Now, in the spirit of targeting more digital nomads and business-leisure travelers, the government has approved tax incentives for long-term visa holders and will lift all remaining COVID-related entry restrictions from July 1.
The country has several plus points for longer-term visitors who also plan to work, according to tourism minister Phipat Ratchakitprakarn.
“The Internet in Bangkok and in many big cities is fast,” he said, while Thailand also offers “service and atmosphere” and a relatively low cost of living.
And, he added, “we don’t tax digital nomads. Their income is generated overseas.”
The next round of tax changes can’t come soon enough for the country’s still-struggling hospitality industry.
“I am sure we can compete in terms of fundamentals but the problem is policy implementation,” said Bhummikitti Ruktaengam, president of the Phuket Tourist Association. He argues that a simple visa application process is needed to attract working travelers.
“They won’t come if they need to fill up a pile of paperwork,” he said.
Longer-term visitors may bring economic benefits, but they can also create problems for the local population, a Migration Policy Institute report points out. Wealthy visitors bring with them rising costs of living, increasing competition for resources and associated tensions “as evidenced in existing hotspots such as Goa and Bali.”
While governments face a hefty set of challenges in marrying a tourism revival with ease of doing business, companies have their own list of concerns.
At established firms, chief financial officers often have little appetite for Airbnb-style worker freedom because of tax issues and other liabilities, according to Simon Hayes, director of the Asia CFO Network.

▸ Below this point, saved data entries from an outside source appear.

(* Let $(X,d,\preccurlyeq)$ be a preordered $s$-regular $b$-metric space and let $\mathcal F=\{f_\alpha\}_{\alpha\in\mathcal I}$, $\mathcal G=\{g_\alpha\}_{\alpha\in\mathcal I}$ ($\mathcal I$ nonempty) be families of self mappings of $X$. Suppose that for each $\alpha\in\mathcal I$ there are mappings $H_{t,\alpha}:X\to X$, $0\le t\le n$, with $$f_\alpha=H_{0,\alpha}\preccurlyeq H_{1,\alpha}\succcurlyeq H_{2,\alpha}\preccurlyeq\cdots\succcurlyeq H_{n,\alpha}=g_\alpha,$$ and write $\mathcal H_t=\{H_{t,\alpha}\}_{\alpha\in\mathcal I}$. Suppose $x_0\in\mathrm{ComFix}(\mathcal F)$ and: (i) for each $t$, $1\le t\le n$, the family $\mathcal H_t$ is concordantly isotone; (ii) for each odd $t$, $1\le t\le n$, for every chain $C\in\mathcal C^*_1(\mathcal H_t,\preccurlyeq)$ there exists $w\in X$ which is a common upper bound of the chains $H_{t,\alpha}(C)$, $\alpha\in\mathcal I$, and there exist $z\in X$, $\beta\in\mathcal I$ such that for all $\alpha\in\mathcal I$ and $i\in\mathbb N$, $H_{t,\alpha}(w)\succcurlyeq w\succcurlyeq H^i_{t,\beta}(z)$, and $d(H^i_{t,\alpha}(w),H^i_{t,\beta}(z))\to0$ as $i\to\infty$; (iii) for each even $t$, $1\le t\le n$, for every chain $C\in\mathcal C_1(\mathcal H_t,\preccurlyeq)$ there exists $w'\in X$ which is a common lower bound of the chains $H_{t,\alpha}(C)$, $\alpha\in\mathcal I$, and there exist $z'\in X$, $\gamma\in\mathcal I$ such that for all $\alpha\in\mathcal I$ and $i\in\mathbb N$, $H_{t,\alpha}(w')\preccurlyeq w'\preccurlyeq H^i_{t,\gamma}(z')$, and $d(H^i_{t,\alpha}(w'),H^i_{t,\gamma}(z'))\to0$ as $i\to\infty$. Then there exists a fence $x_0\preccurlyeq x_1\succcurlyeq x_2\preccurlyeq\cdots\succcurlyeq x_n$ such that for each odd $t$, $x_t\in\mathrm{ComFix}(\mathcal H_t)\cap O^*_X(x_{t-1})$ and $x_t$ is a maximal element of that set, and for each even $t$, $x_t\in\mathrm{ComFix}(\mathcal H_t)\cap O_X(x_{t-1})$ and $x_t$ is a minimal element of that set.
   Context: A $b$-metric space with coefficient $s\ge 1$ is a nonempty set $X$ with $d:X\times X\to[0,\infty)$ such that for all $x,y,z$: $d(x,y)=0$ iff $x=y$; $d(x,y)=d(y,x)$; $d(x,y)\le s[d(x,z)+d(z,y)]$. A preorder is a reflexive transitive relation $\preccurlyeq$; $x\succcurlyeq y$ means $y\preccurlyeq x$; $x\prec y$ means $x\preccurlyeq y$ and $x\ne y$. A preordered $s$-regular $b$-metric space $(X,d,\preccurlyeq)$ is a $b$-metric space with coefficient $s$ with a preorder such that $x\preccurlyeq y\preccurlyeq z$ implies $\max\{d(x,y),d(y,z)\}\le s^2d(x,z)$. For maps $F,G$, $F\preccurlyeq G$ means $F(x)\preccurlyeq G(x)$ for all $x$. A chain is a subset any two elements of which are comparable. $f^i$ is the $i$-th iterate. A family $\{f_\alpha\}_{\alpha\in\mathcal I}$ of self maps is concordantly isotone if for all $x,y$, $x\prec y$ implies $f_\alpha(x)\preccurlyeq f_\beta(y)$ for all $\alpha,\beta\in\mathcal I$. $O_X(x_0)=\{x:x\preccurlyeq x_0\}$, $O^*_X(x_0)=\{x:x\succcurlyeq x_0\}$. For a family $\mathcal F=\{f_\alpha\}$: $\mathcal C_1(\mathcal F,\preccurlyeq)$ is the set of chains $C\subset\bigcup_\alpha f_\alpha(X)$ with $f_\alpha(x)\preccurlyeq x$ for all $x\in C,\alpha$, and $x\prec y$ in $C$ implies $x\preccurlyeq f_\alpha(y)$ for all $\alpha$; $\mathcal C^*_1(\mathcal F,\preccurlyeq)$ is the set of chains $C\subset\bigcup_\alpha f_\alpha(X)$ with $f_\alpha(x)\succcurlyeq x$ for all $x\in C,\alpha$, and $x\prec y$ in $C$ implies $f_\alpha(x)\preccurlyeq y$ for all $\alpha$. $\mathrm{ComFix}(\mathcal F)=\{x:f_\alpha(x)=x\ \forall\alpha\}$. A common upper (lower) bound of the sets $H_{t,\alpha}(C)$ is $w$ with $H_{t,\alpha}(x)\preccurlyeq w$ ($w\preccurlyeq H_{t,\alpha}(x)$) for all $x\in C$, $\alpha\in\mathcal I$. A minimal (maximal) element of $A$ is $w\in A$ with no $u\in A$ such that $u\prec w$ ($w\prec u$). *)

From Stdlib Require Import Reals.
Open Scope R_scope.

Section Defs.
Context {X : Type}.

Definition b_metric (s : R) (d : X -> X -> R) : Prop :=
  1 <= s /\
  (forall x y, 0 <= d x y) /\
  (forall x y, d x y = 0 <-> x = y) /\
  (forall x y, d x y = d y x) /\
  (forall x y z, d x y <= s * (d x z + d z y)).

Definition preorder (le : X -> X -> Prop) : Prop :=
  (forall x, le x x) /\ (forall x y z, le x y -> le y z -> le x z).

Definition plt (le : X -> X -> Prop) (x y : X) : Prop := le x y /\ x <> y.

Definition preordered_s_regular_bmetric (s : R) (d : X -> X -> R)
  (le : X -> X -> Prop) : Prop :=
  b_metric s d /\ preorder le /\
  (forall x y z, le x y -> le y z -> Rmax (d x y) (d y z) <= s ^ 2 * d x z).

Fixpoint iterate (i : nat) (f : X -> X) (x : X) : X :=
  match i with O => x | S j => f (iterate j f x) end.

Definition is_chain (le : X -> X -> Prop) (C : X -> Prop) : Prop :=
  forall x y, C x -> C y -> le x y \/ le y x.

Definition concordantly_isotone {I : Type} (le : X -> X -> Prop)
  (f : I -> X -> X) : Prop :=
  forall x y, plt le x y -> forall a b, le (f a x) (f b y).

Definition in_union_images {I : Type} (f : I -> X -> X) (x : X) : Prop :=
  exists a y, x = f a y.

Definition chainC1 {I : Type} (le : X -> X -> Prop) (f : I -> X -> X)
  (C : X -> Prop) : Prop :=
  is_chain le C /\ (forall x, C x -> in_union_images f x) /\
  (forall x a, C x -> le (f a x) x) /\
  (forall x y, C x -> C y -> plt le x y -> forall a, le x (f a y)).

Definition chainC1star {I : Type} (le : X -> X -> Prop) (f : I -> X -> X)
  (C : X -> Prop) : Prop :=
  is_chain le C /\ (forall x, C x -> in_union_images f x) /\
  (forall x a, C x -> le x (f a x)) /\
  (forall x y, C x -> C y -> plt le x y -> forall a, le (f a x) y).

Definition ComFix {I : Type} (f : I -> X -> X) (x : X) : Prop :=
  forall a, f a x = x.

Yet many business leaders are accepting what their human resources departments already know: Most employers will be forced to keep up with the times.
Business-leisure travelers aside, tight labor markets around the world are giving workers the power to demand more flexibility. Over the next three to six months, Hayes expects more companies to set up remote-work options for those employees who are trusted to get their jobs done on the beach or elsewhere.

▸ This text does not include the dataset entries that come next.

Lemma affine_le_excess_seq (T : eqType) (rs : seq T) (a : T -> 'rV[R]_d) (g : T -> R) :
  (forall r, r \in rs -> forall u, f u <= f v0 -> dot (a r) u + g r <= 0) ->
  exists2 k, 0 <= k &
    forall r, r \in rs -> forall u, dot (a r) u + g r <= k * (f u - f v0).
Proof.
elim: rs => [|r rs IH] le0; first by exists 0.
have [k1 k1_ge0 k1P] := affine_le_excess (le0 r (mem_head _ _)).
have [|k2 k2_ge0 k2P] := IH.
  by move=> r' r'_in; apply: le0; rewrite inE r'_in orbT.
exists (Num.max k1 k2) => [|r' r'_in u]; first by rewrite le_max k1_ge0.
have ex_ge0 : 0 <= f u - f v0 by rewrite subr_ge0.
move: r'_in; rewrite inE => /orP [/eqP -> | /k2P/(_ u) le].
  by apply: le_trans (k1P u) (ler_wpM2r ex_ge0 _); rewrite le_max lexx.
by apply: le_trans le (ler_wpM2r ex_ge0 _); rewrite le_max lexx orbT.
Qed.

(* Variables: [u] at [0, d), the radius [s] at [d], the point [v] at [d + 1, 2d + 1). *)
Definition coords_us (u : 'rV[R]_d) (s : R) : nat -> R :=
  fun j => embed 0 u j + (if j == d then s else 0).

Lemma coords_us_lt u s (i : 'I_d) : coords_us u s i = u 0 i.
Proof. by rewrite /coords_us (ltn_eqF (ltn_ord i)) addr0 -[nat_of_ord i]add0n embed_in. Qed.

Lemma coords_us_d u s : coords_us u s d = s.
Proof. by rewrite /coords_us eqxx embed_out ?add0r // add0n leqnn orbT. Qed.

Lemma ineq_val_coords_us r u s :
  ineq_val d.+1 r (coords_us u s) = dot (\row_i r.1 i) u + r.1 d * s + r.2.
Proof.
rewrite /ineq_val big_ord_recr /= coords_us_d /dot; congr (_ + _ + _).
by apply: eq_bigr => i _; rewrite mxE coords_us_lt.
Qed.

Definition sublevel_row (k : K) : ineq R := (embed d.+1 (c k), e k - f v0).

Definition box_row (j : 'I_d) (sg : R) : ineq R :=
  (fun x => sg * (unit_var R j x - unit_var R (d.+1 + j) x) - unit_var R d x, 0).

Lemma ineq_val_sublevel_row k w :
  ineq_val (d.+1 + d) (sublevel_row k) w = dot (c k) (block d.+1 w) + e k - f v0.
Proof. by rewrite /ineq_val /= sum_embed // addrA. Qed.

Lemma ineq_val_box_row j sg w :
  ineq_val (d.+1 + d) (box_row j sg) w = sg * (w j - w (d.+1 + j)%N) - w d.
Proof.
rewrite /ineq_val /= addr0; under eq_bigr do rewrite mulrBl -mulrA mulrBl.
by rewrite sumrB -mulr_sumr sumrB !sum_unit_var //; have := ltn_ord j; lia.
Qed.

Lemma argmin_nbhd_ineqs : exists sys, forall u s,
  solves d.+1 sys (coords_us u s) <->
  exists v, f v <= f v0 /\ forall j, `|u 0 j - v 0 j| <= s.
Proof.
set sys0 := [seq sublevel_row k | k <- enum K] ++
            [seq box_row j sg | j <- enum 'I_d, sg <- [:: 1; -1]].
have sub_in k : sublevel_row k \in sys0 by rewrite mem_cat map_f ?mem_enum.
have box_in j sg : sg \in [:: 1; -1] -> box_row j sg \in sys0.
  move=> sg_in; rewrite mem_cat; apply/orP; right.
  by apply/allpairsP; exists (j, sg); split; rewrite /= ?mem_enum.
have [sys sysP] := fourier_motzkin d.+1 d sys0.
exists sys => u s; rewrite -sysP; split=> [[w [wus sol]] | [v [fv box]]].
  have w_u (j : 'I_d) : w j = u 0 j.
    by rewrite wus ?coords_us_lt //; have := ltn_ord j; lia.
  have w_s : w d = s by rewrite wus ?coords_us_d //; lia.
  exists (block d.+1 w); split=> [|j].
    by apply/f_le => k; have := sol _ (sub_in k); rewrite ineq_val_sublevel_row; lra.
  have := sol _ (box_in j 1 (mem_head _ _)).
  have := sol _ (box_in j (-1) (mem_last 1 [:: -1])).
  rewrite !ineq_val_box_row w_u w_s mxE ler_norml => lo hi; apply/andP; split; lra.
pose w x := coords_us u s x + embed d.+1 v x.
have w_v : block d.+1 w = v.
  by apply: block_add_embed => i; rewrite /coords_us embed_out ?ifN ?addr0 //; lia.
have w_u (j : 'I_d) : w j = u 0 j.
  by rewrite /w coords_us_lt embed_out ?addr0 //; have := ltn_ord j; lia.
have w_s : w d = s by rewrite /w coords_us_d embed_out ?addr0 //; lia.
have w_v' (j : 'I_d) : w (d.+1 + j)%N = v 0 j.
  by have := congr1 (fun M : 'rV[R]_d => M 0 j) w_v; rewrite mxE.
exists w; split=> [j j_lt|r]; first by rewrite /w embed_out ?j_lt // addr0.
rewrite mem_cat => /orP [/mapP [k _ ->] | /allpairsP [[j sg] [_ /= sg_in ->]]].
  by rewrite ineq_val_sublevel_row w_v; have := (f_le v (f v0)).1 fv k; lra.
rewrite /= ineq_val_box_row w_u w_s w_v'; move: sg_in (box j).
by rewrite !inE ler_norml => /orP [] /eqP -> /andP [lo hi]; lra.
Qed.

There’s a clear willingness to at least consider looser policies around remote work, according to an Asia CFO Network survey of 31 multinational companies across the Asia-Pacific region. But there are also significant concerns, with tax issues and “corporate culture dilution” at the top of the list.
“One issue is navigating the tax, social security and employment and labor provisions of both countries to ensure compliance in both locations,” said MPI’s Hooper. Another is the risk of triggering permanent establishment rules that may incur corporate tax obligations, she said.
While business-leisure travel isn’t about to overtake other types of travel, it’s still an opportunity for tourism-heavy economies.
“It’s a growing segment but will remain a ‘niche’ segment,” said Margaux Constantin, a partner at McKinsey & Co who leads the firm’s work in tourism. The potential for high spending on longer-than-average trips makes business-leisure travelers an attractive market, she said.
“It’s not surprising to see that some destinations are actively prioritizing this segment as part of their tourism strategy.”